UUID_SINGLE_CH_WITH_TRAILER = "010cfb4a-71ae-4185-ab44-168c108623e0"

UINT16_SIZE = np.dtype(np.uint16).itemsize
UINT64_SIZE = np.dtype(np.uint64).itemsize



[docs]
class Stream_VDAQ3(StreamBaseClass):
    """
    Implementation of StreamBaseClass for hardware 'vdaq3'.
    VDAQ3 data is stored in .dat files. Its header contains instructions on how to read the data and all recorded channels are stored in a separate file.

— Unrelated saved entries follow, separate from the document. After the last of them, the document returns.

(* Let $n\ge4$ be an even integer. For $1\le r\le n-1$ let $U^r_n=\{(k,a,b)\in(\mathbb{R}\setminus(B_n\cup C_n))\times\mathbb{R}\times\mathbb{R}: k\neq0,\ \mathrm{rank}(B^{(k,a,b)}_n)\le r,\ 4a^3+27b^2=0\}\setminus\{(k,0,0):k\in\mathbb{R}\}$. Then (a) $U^{n-1}_n=\{(k,a^{(n)}_{k,2},b^{(n)}_{k,2}): k\in\mathbb{R}\setminus(B_n\cup C_n)\}\cup\{(k,a^{(n)}_{k,3},b^{(n)}_{k,3}): k\in\mathbb{R}\setminus(B_n\cup C_n)\}$; (b) the matrix $B^{(k,a,b)}_n$ has rank exactly $n-1$ for all but finitely many triples $(k,a,b)\in U^{n-1}_n$; (c) for each $1\le r\le n-2$, the matrix $B^{(k,a,b)}_n$ has rank $r$ for only finitely many triples $(k,a,b)\in U^{n-1}_n$.
   Context: For real $k,a,b$, the generalized $k$-FL sequence is $S^{(a,b)}_{k,0}=2b$, $S^{(a,b)}_{k,1}=bk+a$, $S^{(a,b)}_{k,m}=kS^{(a,b)}_{k,m-1}+S^{(a,b)}_{k,m-2}$. $B^{(k,a,b)}_n$ is the $n\times n$ circulant matrix whose $(i,j)$ entry is $S^{(a,b)}_{k,j-i+1}$ if $j\ge i$ and $S^{(a,b)}_{k,n+j-i+1}$ if $j<i$. Define $f_m,g_m\in\mathbb{Z}[T]$ by $f_0=0,f_1=1,g_0=2,g_1=T$, $f_m=Tf_{m-1}+f_{m-2}$, $g_m=Tg_{m-1}+g_{m-2}$; $F_n=f_{n+1}-f_n$, $G_n=g_{n+1}-g_n$, $P_n=f_{n+1}+f_n$, $Q_n=g_{n+1}+g_n$. $B_n=\{k: F_n(k)-1=0\text{ or }G_n(k)-k+2=0\}$, $C_n=\{k: P_n(k)-1=0\text{ or }Q_n(k)-k-2=0\}$. Type 2 pair: $a^{(n)}_{k,2}=-\frac{27(F_n(k)-1)^2}{4(G_n(k)-k+2)^2}$, $b^{(n)}_{k,2}=\frac{27(F_n(k)-1)^3}{4(G_n(k)-k+2)^3}$; Type 3 pair: $a^{(n)}_{k,3}=-\frac{27(P_n(k)-1)^2}{4(Q_n(k)-k-2)^2}$, $b^{(n)}_{k,3}=\frac{27(P_n(k)-1)^3}{4(Q_n(k)-k-2)^3}$. The condition $4a^3+27b^2=0$ means the curve $y^2=x^3+ax+b$ is singular. *)

From HB Require Import structures.
From mathcomp Require Import all_boot all_order all_algebra.
From mathcomp Require Import reals.
Set Implicit Arguments. Unset Strict Implicit. Unset Printing Implicit Defensive.
Import Order.TTheory GRing.Theory Num.Theory.
Local Open Scope ring_scope.

Section FL.
Variable R : realType.

Fixpoint FLpair (k a b : R) (m : nat) : R * R :=
  match m with
  | 0 => (2 * b, b * k + a)
  | m'.+1 => let: (x, y) := FLpair k a b m' in (y, k * y + x)
  end.

Definition FLseq (k a b : R) (m : nat) : R := (FLpair k a b m).1.

(* the n x n circulant matrix B_n^{(k,a,b)} (0-based indices) *)
Definition Bmat (n : nat) (k a b : R) : 'M[R]_n :=
  \matrix_(i < n, j < n)
    (if (i <= j)%N then FLseq k a b (j - i + 1)%N
     else FLseq k a b (n + j - i + 1)%N).

End FL.

Fixpoint recpair (p0 p1 : {poly int}) (m : nat) : {poly int} * {poly int} :=
  match m with
  | 0 => (p0, p1)
  | m'.+1 => let: (x, y) := recpair p0 p1 m' in (y, 'X * y + x)
  end.

Definition fpol (m : nat) : {poly int} := (recpair 0 1 m).1.
Definition gpol (m : nat) : {poly int} := (recpair 2%:P 'X m).1.

Definition Fpol (n : nat) : {poly int} := fpol n.+1 - fpol n.
Definition Gpol (n : nat) : {poly int} := gpol n.+1 - gpol n.
Definition Ppol (n : nat) : {poly int} := fpol n.+1 + fpol n.
Definition Qpol (n : nat) : {poly int} := gpol n.+1 + gpol n.

Definition peval (R : realType) (p : {poly int}) (k : R) : R :=
  (map_poly (fun z : int => z%:~R) p).[k].

Section Sets.
Variable R : realType.

Definition inB (n : nat) (k : R) : Prop :=
  peval (Fpol n) k - 1 = 0 \/ peval (Gpol n) k - k + 2 = 0.
Definition inC (n : nat) (k : R) : Prop :=
  peval (Ppol n) k - 1 = 0 \/ peval (Qpol n) k - k - 2 = 0.

Definition a2 (n : nat) (k : R) : R :=
  - (27 * (peval (Fpol n) k - 1) ^+ 2) / (4 * (peval (Gpol n) k - k + 2) ^+ 2).
Definition b2 (n : nat) (k : R) : R :=
  (27 * (peval (Fpol n) k - 1) ^+ 3) / (4 * (peval (Gpol n) k - k + 2) ^+ 3).
Definition a3 (n : nat) (k : R) : R :=
  - (27 * (peval (Ppol n) k - 1) ^+ 2) / (4 * (peval (Qpol n) k - k - 2) ^+ 2).
Definition b3 (n : nat) (k : R) : R :=
  (27 * (peval (Ppol n) k - 1) ^+ 3) / (4 * (peval (Qpol n) k - k - 2) ^+ 3).

Definition Uset (n r : nat) (t : R * R * R) : Prop :=
  let: (k, a, b) := t in
  [/\ ~ (inB n k \/ inC n k), k != 0,
      (\rank (Bmat n k a b) <= r)%N,
      4 * a ^+ 3 + 27 * b ^+ 2 = 0
    & ~ (a = 0 /\ b = 0)].

End Sets.

From HB Require Import structures.
From mathcomp Require Import all_boot all_order all_algebra.
From mathcomp Require Import reals polyrcf.
From mathcomp Require Import ring lra zify.
Set Implicit Arguments. Unset Strict Implicit. Unset Printing Implicit Defensive.
Import Order.TTheory GRing.Theory Num.Theory.
Local Open Scope ring_scope.

(* Write S_m = a f_m(k) + b g_m(k).  For k != 0 the circulant matrix of the recurrence
   S_(m+2) = k S_(m+1) + S_m is invertible, and multiplying B by it leaves the cyclic
   bidiagonal matrix A I + D P, where A = S_1 - S_(n+1), D = S_0 - S_n and P is the cyclic
   shift.  A I + D P has rank at least n - 1 unless A = D = 0 and, n being even, rank at
   most n - 1 exactly when A = D or A = -D, i.e. when (a, b) lies on one of the lines
   a (F_n - 1) + b (G_n - k + 2) = 0 or a (P_n - 1) + b (Q_n - k - 2) = 0.  Intersecting
   such a line with the cuspidal cubic 4 a^3 + 27 b^2 = 0 gives the two parametrised pairs.
   If the rank drops below n - 1, (a, b) lies on both lines, whose determinant is
   -4 (g_n(k) - 2) by Cassini's identity, so k is one of the finitely many roots of g_n - 2. *)

Section CyclicIndex.
Variable n : nat.

Lemma ord_predE (j : 'I_n) :
  (ord_pred j : nat) = if (j : nat) == 0%N then n.-1 else (j : nat).-1.
Proof.
rewrite /ord_pred /=; have := ltn_ord j.
case: eqP => [->|hj] hjn; first by rewrite add0n modn_small //; lia.
have -> : ((j + n).-1 = (j : nat).-1 + n)%N by lia.
by rewrite modnDr modn_small //; lia.
Qed.

Definition cdist (i j : 'I_n) : nat := if (i <= j)%N then (j - i)%N else (n + j - i)%N.

Lemma cdist_lt i j : (cdist i j < n)%N.
Proof. rewrite /cdist; have := ltn_ord i; have := ltn_ord j; case: (leqP i j); lia. Qed.

Lemma cdist_pred i j :
  cdist i (ord_pred j) = if cdist i j == 0%N then n.-1 else (cdist i j).-1.
Proof.
rewrite /cdist ord_predE; have := ltn_ord i; have := ltn_ord j.
case: (eqVneq (j : nat) 0%N) => [->|hj] hjn hin.
  by case: (leqP i 0%N) => hi0; case: (leqP i n.-1) => hi1; case: eqP; lia.
by case: (leqP i j) => hij; case: (leqP i (j : nat).-1) => hi1; case: eqP; lia.
Qed.

Lemma cdist_eq0 i j : (cdist i j == 0%N) = (i == j).
Proof.
rewrite /cdist; have := ltn_ord i; have := ltn_ord j.
case: (eqVneq i j) => [->|hij]; first by rewrite leqnn subnn.
have hij' : (i : nat) != j by [].
by case: (leqP i j); lia.
Qed.

Lemma cdist_eq1 i j : (1 < n)%N -> (cdist i j == 1%N) = (i == ord_pred j).
Proof.
move=> n_gt1.
rewrite -cdist_eq0 cdist_pred; have := cdist_lt i j; case: (cdist i j) => [|[|m]] //= _.
by symmetry; apply/negbTE; lia.
Qed.

Lemma sum_ord_pred (V : nmodType) (F : 'I_n -> V) :
  \sum_j F (ord_pred j) = \sum_j F j.
Proof. by rewrite [RHS](reindex_inj (@ord_pred_inj n)). Qed.

End CyclicIndex.

Lemma sum_mul_eq_indicator (R : pzSemiRingType) (I : finType) (u : I -> R) j :
  \sum_i u i * (i == j)%:R = u j.
Proof.
rewrite (bigD1 j) //= eqxx mulr1 big1 ?addr0 // => i /negbTE ->.
by rewrite mulr0.
Qed.

Lemma sum_sqr_eq0 (R : realDomainType) (I : finType) (v : I -> R) :
  \sum_i v i ^+ 2 = 0 -> forall i, v i = 0.
Proof.
move=> /psumr_eq0P sq0 i; apply/eqP; rewrite -sqrf_eq0; apply/eqP.
by apply: sq0 => // l _; rewrite sqr_ge0.
Qed.

Lemma rank_le_pred_of_ker (F : fieldType) n (M : 'M[F]_n) (w : 'rV_n) :
  w != 0 -> w *m M = 0 -> (\rank M <= n.-1)%N.
Proof.
move=> w0 wM0; have : ~~ row_free M.
  by apply: contra w0 => /row_free_inj injM; apply/eqP/injM; rewrite wM0 mul0mx.
by rewrite /row_free; have := rank_leq_row M; lia.
Qed.

Lemma rank_ge_pred_of_ker_coord (F : fieldType) n (M : 'M[F]_n) (i0 : 'I_n) :
  (forall u : 'rV_n, u *m M = 0 -> u 0 i0 = 0 -> u = 0) -> (n.-1 <= \rank M)%N.
Proof.
move=> ker_coord; pose e : 'cV[F]_n := delta_mx i0 0.
have capK0 : (kermx M :&: kermx e)%MS = 0.
  apply/row_matrixP => i; rewrite row0; apply: ker_coord.
    by apply/sub_kermxP; apply: submx_trans (row_sub i _) (capmxSl _ _).
  have /sub_kermxP : (row i (kermx M :&: kermx e) <= kermx e)%MS.
    exact: submx_trans (row_sub i _) (capmxSr _ _).
  by rewrite -colE => /matrixP /(_ 0 0); rewrite !mxE.
have := mxrank_mul_ker (kermx M) e; rewrite capK0 mxrank0 addn0 mxrank_ker.
by have := rank_leq_col (kermx M *m e); lia.
Qed.

Section CyclicBidiagonal.
Variables (F : fieldType) (n : nat).
Hypothesis n_gt0 : (0 < n)%N.

Definition cbidiag (al be : F) : 'M[F]_n :=
  \matrix_(i, j) (al * (i == j)%:R + be * (i == ord_pred j)%:R).

Lemma mulmx_cbidiag m (u : 'M_(m, n)) al be i j :
  (u *m cbidiag al be) i j = al * u i j + be * u i (ord_pred j).
Proof.
rewrite mxE; under eq_bigr do rewrite mxE mulrDr mulrCA [u i _ * (be * _)]mulrCA.
by rewrite big_split /= -!mulr_sumr !sum_mul_eq_indicator.
Qed.

Lemma cbidiag_rank_ge al be :
  (al != 0) || (be != 0) -> (n.-1 <= \rank (cbidiag al be))%N.
Proof.
move=> albe0; apply: (rank_ge_pred_of_ker_coord (i0 := Ordinal n_gt0)) => u uM0 u0.
have rec j : al * u 0 j + be * u 0 (ord_pred j) = 0.
  by rewrite -mulmx_cbidiag uM0 mxE.
apply/rowP => j; rewrite mxE; have [al0|al0] := eqVneq al 0.
  have be0 : be != 0 by rewrite al0 eqxx in albe0.
  move: (rec (ordS j)); rewrite al0 mul0r add0r ordSK => /eqP.
  by rewrite mulf_eq0 (negbTE be0) => /eqP.
case: j => m; elim: m => [|m IH] hm.
  by rewrite -u0; congr (u 0 _); apply: val_inj.
move: (rec (Ordinal hm)).
have -> : ord_pred (Ordinal hm) = Ordinal (ltnW hm).
  by apply: val_inj; rewrite [LHS]ord_predE.
by rewrite IH mulr0 addr0 => /eqP; rewrite mulf_eq0 (negbTE al0) => /eqP.
Qed.

Lemma cbidiag_rank_le al be :
  ~~ odd n -> (al == be) || (al == - be) -> (\rank (cbidiag al be) <= n.-1)%N.
Proof.
move=> n_even /orP[/eqP->|/eqP->].
  apply: (rank_le_pred_of_ker (w := \row_(j < n) (-1) ^+ j)).
    by apply/eqP => /rowP /(_ (Ordinal n_gt0)); rewrite !mxE expr0 => /eqP; rewrite oner_eq0.
  apply/rowP => j; rewrite mulmx_cbidiag !mxE -mulrDr ord_predE.
  have [->|j0] := eqVneq (j : nat) 0%N.
    have n1_odd : odd n.-1 by case: (n) n_gt0 n_even => //= ? _ /negbNE.
    by rewrite /= expr0 -signr_odd n1_odd expr1 subrr mulr0.
  by rewrite -[in (-1) ^+ j](prednK (n := j)) ?lt0n // exprS mulN1r addNr mulr0.
apply: (rank_le_pred_of_ker (w := const_mx 1)).
  by apply/eqP => /rowP /(_ (Ordinal n_gt0)); rewrite !mxE => /eqP; rewrite oner_eq0.
by apply/rowP => j; rewrite mulmx_cbidiag !mxE mulNr addNr.
Qed.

    There are two variations of the files: One includes information about the testpulses/controlpulses. In this case, the TPAs and testpulse timestamps are readily available. Another format does **not** include testpulse information. In this case, you have to enter the TP channel also in the list of ``files``. It is then treated like the VDAQ2 variant, where the TP channels are triggered to obtain the TPAs and TP timestamps. To modify the trigger parameters, change the inputs ``dac_trig_thr`` and ``dac_trig_win_len_ms``.

    :param files: The binary files with the stream data (including the file extension).
    :type files: List[str]
    :param dac_trig_thr: **Only for VDAQ2-style TP-channel trigger:** Trigger threshold (in sigmas) to find testpulses from the DAC channels. Defaults to 5 sigmas
    :type dac_trig_thr: float, optional
    :param dac_trig_win_len_ms: **Only for VDAQ2-style TP-channel trigger:** Trigger window length (in ms) to find testpulses from the DAC channels. Defaults to 500 ms
    :type dac_trig_win_len_ms: int, optional
    :param cal_trig_thr: **Only for VDAQ2-style TP-channel trigger:** Trigger threshold (in sigmas) to find calpulses from the calibration ADC channels. Defaults to 5 sigmas
    :type cal_trig_thr: float, optional
    :param cal_trig_win_len_ms: **Only for VDAQ2-style TP-channel trigger:** Trigger window length (in ms) to find calpulses from the calibration ADC channels. Defaults to 50 ms
    :type cal_trig_win_len_ms: int, optional
    """
    def __init__(self, 
                 files: Union[str, List[str]],
                 dac_trig_thr: float = 5.,       # sigmas
                 dac_trig_win_len_ms: int = 500, # ms
                 cal_trig_thr: float = None,     # V
                 cal_trig_win_len_ms: int = 50   # ms
                 ):
        super().__init__(files=files, 
                         dac_trig_thr=dac_trig_thr, 
                         dac_trig_win_len_ms=dac_trig_win_len_ms, 
                         cal_trig_thr=cal_trig_thr, 
                         cal_trig_win_len_ms=cal_trig_win_len_ms)
        
        if type(files) is str: files = [files]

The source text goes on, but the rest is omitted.